In the related art, a photolithography technology has been widely used to fabricate a fine pattern to manufacture a large-scale integration (LSI) circuit. However, the photolithography technology has a problem in that it is difficult to fabricate a pattern having a size smaller than a wavelength of the light used in exposure. In addition, as another fine pattern fabrication technology, there is known a mask pattern lithography technology (EB method) using an electron beam lithography system. However, in the EB method, a lithograph time increases as the number of lithograph patterns increases because of directly forming a mask pattern by lithography using electron beams, and a throughput until pattern formation significantly decreases. In addition, a problem also occurs in that costs of apparatuses increase in such methods due to high-precision control for a mask position in a photolithography exposure apparatus or a large size of the electron beam lithography system in the EB exposure apparatus.
As a fine pattern fabrication technology capable of addressing such problems, there is known a nanoimprint lithography technology. In the nanoimprint lithography technology, a fine pattern formed on a mold is transferred onto a surface of a transfer target substrate by pressing the mold having a fine pattern of nanoscale to a resist film formed on a surface of the transfer target substrate.
FIGS. 1A and 1B are explanatory diagrams illustrating an exemplary nanoimprint lithography method. Referring to FIG. 1A, in order to form a concavo-convex structure on a surface of a desired substrate (object to be processed) 1001, a fine pattern 1003 formed on a mold 1002 is pressed to the object 1001 to be processed by applying a nanoimprint lithography method.
In a case where a fine pattern 1003 is used as a mask for fabricating the object 1001 to be processed, the fine pattern 1003 is made of a transfer material serving as a mask when the object 1001 to be processed is fabricated. When the transfer is performed, it is necessary to reduce a remaining film thickness T. In order to reduce the remaining film thickness T, it is necessary to reduce a thickness of the coating of the transfer material and press it with a high pressure for a long time and the likes. However, as the thickness of the coating is reduced, the object 1001 to be processed becomes susceptible to roughness or particles existing on a surface of the object 1001 to be processed, and moreover a transfer material may be unsatisfactorily filled in the concavo-convex structure of the mold 1002, or vapors may be incorporated. If pressing is made for a long time, throughput reliability is degraded. In addition, in order to uniformly form the thin remaining film, it is also necessary to use a special apparatus having a minute pressure distribution. Particularly, it is known that it is very difficult to form a homogeneous thin remaining film in a large scale. For these problems, it is difficult to take overall advantages such as transferability in a large scale, convenience, or throughput reliability of the nanoimprint lithography considered to be industrially superior.

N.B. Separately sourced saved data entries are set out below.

Lemma ptransB_omega d : ptransB (omega C d) = (d%:R)^-1 *: swapmx d.
Proof.
apply: matrix_idxP=> a b a' b'; rewrite ptransB_idx omega_idx mxE swapmx_idx.
by rewrite [a' == b]eq_sym mulrC.
Qed.

Lemma psd_Z d1 d2 (X Y : 'M[C]_(d1 * d1)) : psd X -> psd Y ->
  psd (regroup (X *t (1%:M - omega C d2) + Y *t omega C d2)).
Proof.
move=> hX hY; apply/psd_regroup/psdD; apply: psd_tens => //; last exact: psd_rank1.
by apply: psd_1_sub_proj; [apply: adj_omega | apply: omega_idem].
Qed.

Lemma ppt_Z d1 d2 (X Y : 'M[C]_(d1 * d1)) : psd X -> psd Y ->
  psd ((d2%:R - 1) *: ptransB X + ptransB Y) ->
  psd ((d2%:R + 1) *: ptransB X - ptransB Y) ->
  ppt (regroup (X *t (1%:M - omega C d2) + Y *t omega C d2)).
Proof.
move=> hX hY h1 h2; split; first exact: psd_Z.
case: d2 h1 h2 => [|d] h1 h2; first by apply: psd_dim0; rewrite !muln0.
rewrite regroupD ptransBD !ptransB_regroup_tens ptransBD ptransBN ptransB1.
rewrite ptransB_omega -regroupD.
set e : C := d.+1%:R; set S := swapmx d.+1; set XG := ptransB X; set YG := ptransB Y.
(* 1 + S and 1 - S are twice the projections onto the symmetric and the
   antisymmetric subspace. *)
have -> : XG *t (1%:M - e^-1 *: S) + YG *t (e^-1 *: S) =
    (2 * e)^-1 *: (((e - 1) *: XG + YG) *t (1%:M + S) +
                   ((e + 1) *: XG - YG) *t (1%:M - S)).
  rewrite !(tensmxDl, tensmxDr, tensmxZl, tensmxZr, tensmxNl, tensmxNr).
  move: (XG *t 1%:M) (XG *t S) (YG *t 1%:M) (YG *t S) => T1 T2 T3 T4.
  by apply/matrixP=> r s; rewrite !mxE; field; rewrite addrC natr1 pnatr_eq0.
apply: psd_regroup; apply: psdZ; first by rewrite invr_ge0 mulr_ge0 ?ler0n.
apply: psdD; apply: psd_tens => //; apply: psd_1_add_invol.
- exact: adj_swapmx.
- exact: swapmxK.
- by rewrite adjN adj_swapmx.
- by rewrite mulmxN mulNmx opprK swapmxK.
Qed.

Lemma mxrank_sum_le m n k (F : 'I_k -> 'M[C]_(m, n)) :
  (\rank (\sum_i F i)%R <= \sum_i \rank (F i))%N.
Proof.
elim/big_rec2: _ => [|i M r _ le_r]; first by rewrite mxrank0.
by apply: leq_trans (mxrank_add _ _) _; rewrite leq_add2l.
Qed.

Lemma gram_eq0 m n (M : 'M[C]_(m, n)) : M *m adj M = 0 -> M = 0.
Proof.
move=> MM0; apply/matrixP => i j; rewrite mxE.
have : (M *m adj M) i i = 0 by rewrite MM0 mxE.
rewrite mxE => /eqP; rewrite psumr_eq0 => [/allP Mi0|k _]; last first.
  by rewrite adjE mul_conjC_ge0.
by have := Mi0 j (mem_index_enum _); rewrite adjE mul_conjC_eq0 => /eqP.
Qed.

Lemma mxrank_gram m n (M : 'M[C]_(m, n)) : \rank (M *m adj M) = \rank M.
Proof.
apply/eqP; rewrite eqn_leq mxrankM_maxl /=.
have /mxrankS : (kermx (M *m adj M) <= kermx M)%MS.
  apply/sub_kermxP/gram_eq0.
  by rewrite adjM mulmxA -(mulmxA (kermx _)) mulmx_ker mul0mx.
by rewrite !mxrank_ker; have := rank_leq_row M; have := rank_leq_row (M *m adj M); lia.
Qed.

Definition coefmx m n (psi : 'cV[C]_(m * n)) : 'M[C]_(m, n) :=
  \matrix_(a, b) psi (idx a b) 0.

Lemma schmidt_rankE m n (psi : 'cV[C]_(m * n)) :
  schmidt_rank psi = \rank (coefmx psi).
Proof.
rewrite -mxrank_tr -mxrank_gram /schmidt_rank; congr (\rank _).
by apply/matrixP => j l; rewrite !mxE; apply: eq_bigr => i _; rewrite !mxE big_ord1 !mxE.
Qed.

Lemma sform_rank1_comb n N (p : 'I_N -> C) (phi : 'I_N -> 'cV[C]_n) x :
  sform (rank1_comb p phi) x x = \sum_i p i * (dotc x (phi i) * (dotc x (phi i))^*).
Proof.
rewrite sform_sum; apply: eq_bigr => i _.
by rewrite sform_scale sform_rank1 [dotc (phi i) x]dotcC.
Qed.
(* For all non-negative integers $m$ and $n$, \[ \overline{ {m+n \brack n} }_{q,t} = \sum_{k=0}^{\min\{m ,n \}} t^k q^{k(k+1)/2} (-1/t;q)_{k} {m \brack k}_{q} {n \brack k}_{q}. \]
   Context: An overpartition is a partition in which the last occurrence of each distinct part size may be overlined; its weight $|\lambda|$ is the sum of its parts. $\overline{{m+n \brack n}}_{q,t}=\sum_{\lambda} t^{\#_o(\lambda)} q^{|\lambda|}$, the sum over all overpartitions $\lambda$ with largest part at most $m$ and at most $n$ parts, $\#_o(\lambda)$ being the number of overlined parts. ${a \brack b}_q=\frac{(q;q)_{a}}{(q;q)_b(q;q)_{a-b}}$ is the Gaussian polynomial and $(x;q)_k=\prod_{j=1}^k(1-xq^{j-1})$; the product $t^k(-1/t;q)_k=\prod_{j=1}^k(t+q^{j-1})$ is a polynomial in $t$. *)

From HB Require Import structures.
From mathcomp Require Import all_boot all_order all_algebra.
From mathcomp Require Import fraction.
Set Implicit Arguments. Unset Strict Implicit. Unset Printing Implicit Defensive.
Import GRing.Theory.
Local Open Scope ring_scope.

(* Bivariate integer polynomials Z[q][t]: the outer variable is t, the inner q. *)
Definition Zqt := {poly {poly int}}.
Definition Fqt := {fraction Zqt}.

Definition qv : Fqt := @FracField.tofrac Zqt (('X : {poly int})%:P).
Definition tv : Fqt := @FracField.tofrac Zqt ('X : Zqt).

Definition qpoch (x q : Fqt) (k : nat) : Fqt := \prod_(j < k) (1 - x * q ^+ j).

(* Gaussian polynomial [a choose b]_q (used for b <= a) *)
Definition gauss (a b : nat) : Fqt :=
  qpoch qv qv a / (qpoch qv qv b * qpoch qv qv (a - b)).

(* An overpartition with largest part <= m and at most n parts is encoded as
   a nonincreasing n-tuple of parts in {0..m} (zeros = absent parts) together
   with the set S of distinct (nonzero) part sizes whose last occurrence is
   overlined.  Weight = sum of parts, #_o = #|S|. *)
Definition overpart_gf (m n : nat) : Fqt :=
  \sum_(l : n.-tuple 'I_m.+1 | sorted (fun a b : 'I_m.+1 => b <= a)%N l)
    \sum_(S : {set 'I_m.+1} | S \subset [set i in l | i != ord0 :> 'I_m.+1])
      tv ^+ #|S| * qv ^+ (\sum_(i <- l) (i : nat))%N.

From HB Require Import structures.
From mathcomp Require Import all_boot all_order all_algebra.
From mathcomp Require Import fraction.
From mathcomp Require Import ring zify.
Set Implicit Arguments.
Unset Strict Implicit.
Unset Printing Implicit Defensive.
Import GRing.Theory.
Local Open Scope ring_scope.

(* Both sides G(m, n) satisfy G(m, 0) = G(0, n) = 1 and
     G(m+1, n+1) = G(m, n+1) + q^(m+1) G(m+1, n) + t q^(m+1) G(m, n).
   For overpartitions, either no part equals m+1, or we remove one part m+1;
   that part may carry the overline exactly when m+1 no longer occurs, i.e.
   when the rest fits in the smaller box.  For the sum, the defect of the
   recurrence in the k-th term telescopes, thanks to the two q-Pascal rules
   and the ratio rule [m, k+1] (1 - q^(k+1)) = [m, k] (1 - q^(m-k)). *)

Section QBinomial.
Variables (R : comPzRingType) (q : R).

Definition qpochhammer (x : R) (k : nat) : R := \prod_(j < k) (1 - x * q ^+ j).

(* Unlike the quotient [gauss], this vanishes for [k > m]; no division. *)
Fixpoint qbinom (m k : nat) : R :=
  match m, k with
  | _, 0 => 1
  | 0, _.+1 => 0
  | m'.+1, k'.+1 => q ^+ k'.+1 * qbinom m' k'.+1 + qbinom m' k'
  end.

Lemma qpochhammer0 x : qpochhammer x 0 = 1.
Proof. by rewrite /qpochhammer big_ord0. Qed.

Lemma qpochhammerS x k : qpochhammer x k.+1 = qpochhammer x k * (1 - x * q ^+ k).
Proof. by rewrite /qpochhammer big_ord_recr. Qed.

Lemma qpochhammer_qS k : qpochhammer q k.+1 = qpochhammer q k * (1 - q ^+ k.+1).
Proof. by rewrite qpochhammerS exprS. Qed.

Lemma qbinom0 m : qbinom m 0 = 1.
Proof. by case: m. Qed.

Lemma qbinom_small m k : (m < k)%N -> qbinom m k = 0.
Proof.
elim: m k => [|m IHm] [|k] //= ltmk.
by rewrite !IHm ?mulr0 ?addr0 // ltnW.
Qed.

Lemma qbinom_ratio m k :
  qbinom m k.+1 * (1 - q ^+ k.+1) = qbinom m k * (1 - q ^+ (m - k)).
Proof.
elim: m k => [|m IHm] k; first by rewrite sub0n expr0 subrr mulr0 /= mul0r.
have [ltmk | lekm] := ltnP m k.
  by rewrite qbinom_small ?ltnS // (eqP ltmk) expr0 subrr mulr0 mul0r.
case: k lekm => [_ | j ltjm].
  rewrite /= mulrDl -mulrA IHm qbinom0 !subn0 [q ^+ m.+1]exprS; ring.
rewrite /= !mulrDl -mulrA subSS -(IHm j) IHm.
have -> : (m - j = (m - j.+1).+1)%N by rewrite subnSK.
rewrite !exprS; ring.
Qed.

Lemma qbinom_pascal m k :
  qbinom m.+1 k.+1 = qbinom m k.+1 + q ^+ (m - k) * qbinom m k.
Proof.
apply/eqP; rewrite -subr_eq0 /=.
rewrite (_ : _ - _ = qbinom m k * (1 - q ^+ (m - k)) - qbinom m k.+1 * (1 - q ^+ k.+1));
  last by ring.
by rewrite qbinom_ratio subrr.
Qed.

Meanwhile, in a case where a fine pattern having a high aspect ratio is formed on the object 1001 to be processed, it is necessary to increase an aspect ratio of the fine pattern formed on a surface of the mold 1002. However, as the aspect ratio of the fine pattern formed on a surface of the mold 1002 increases, a filling error may be easily generated, and a demolding error such as a breakdown of the fine pattern 1003 may be easily generated when the mold 1002 is removed. As illustrated in FIG. 1B, in order to form the fine pattern 1003 having a high aspect ratio on the object 1001 to be processed, a method has been proposed, in which an organic layer 1004 (mask layer) is provided on the object 1001 to be processed, a fine pattern 1003 is formed on the organic layer 1004, and the organic layer 1004 is fabricated by using the fine pattern 1003 as a mask. However, even when the fine pattern 1003 is used as a mask for fabricating the organic layer 1004, the aforementioned problems still exist.

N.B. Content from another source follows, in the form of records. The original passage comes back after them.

Lemma lsum_nonneg_le {A : Type} (f : A -> R) (ls : list A) (a : A) :
  (forall x, 0 <= f x) -> In a ls -> f a <= lsum f ls.
Proof.
  intros Hpos. induction ls as [|b ls IH]; simpl; [tauto|]. unfold lsum in *; simpl.
  assert (Hrest : 0 <= fold_right (fun x acc => f x + acc) 0 ls).
  { clear IH. induction ls as [|c ls IH']; simpl; [lra|]. pose proof (Hpos c). lra. }
  intros [->|Hin]; [lra|]. pose proof (IH Hin). pose proof (Hpos b). lra.
Qed.

(** * Linear dependence *)

Definition skip (a0 a : nat) : nat := if Nat.ltb a a0 then a else S a.

Definition unskip (a0 a : nat) : nat := if Nat.ltb a a0 then a else pred a.

Lemma skip_neq (a0 a : nat) : skip a0 a <> a0.
Proof. unfold skip. destruct (Nat.ltb_spec a a0); lia. Qed.

Lemma skip_lt (a0 a m : nat) : (a < m)%nat -> (skip a0 a < S m)%nat.
Proof. unfold skip. destruct (Nat.ltb_spec a a0); lia. Qed.

Lemma unskip_skip (a0 a : nat) : unskip a0 (skip a0 a) = a.
Proof.
  unfold skip, unskip. destruct (Nat.ltb_spec a a0).
  - destruct (Nat.ltb_spec a a0); lia.
  - destruct (Nat.ltb_spec (S a) a0); lia.
Qed.

Lemma skip_unskip (a0 a : nat) : a <> a0 -> skip a0 (unskip a0 a) = a.
Proof.
  intros Hne. unfold skip, unskip. destruct (Nat.ltb_spec a a0).
  - destruct (Nat.ltb_spec a a0); lia.
  - destruct (Nat.ltb_spec (pred a) a0); lia.
Qed.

Among them, a method of forming a fine mask pattern having a thin or no remaining film T has been proposed (refer to Japanese Unexamined Patent Application No. 2011-66273). In Japanese Unexamined Patent Application No. 2011-66273, first, a mask material film is directly formed on a concavo-convex structure having unevenness on a surface. Subsequently, the remaining film T is thinned or has a zero thickness by performing etch-back for the mask material film (a thickness of the mask material film arranged on the concavo-convex structure of the mold is thinned). Then, a substrate is laminated to the mask material, and, finally, ashing is performed for the mold side, so that a fine mask pattern having no remaining film T excluding a fine structure in the mold is obtained.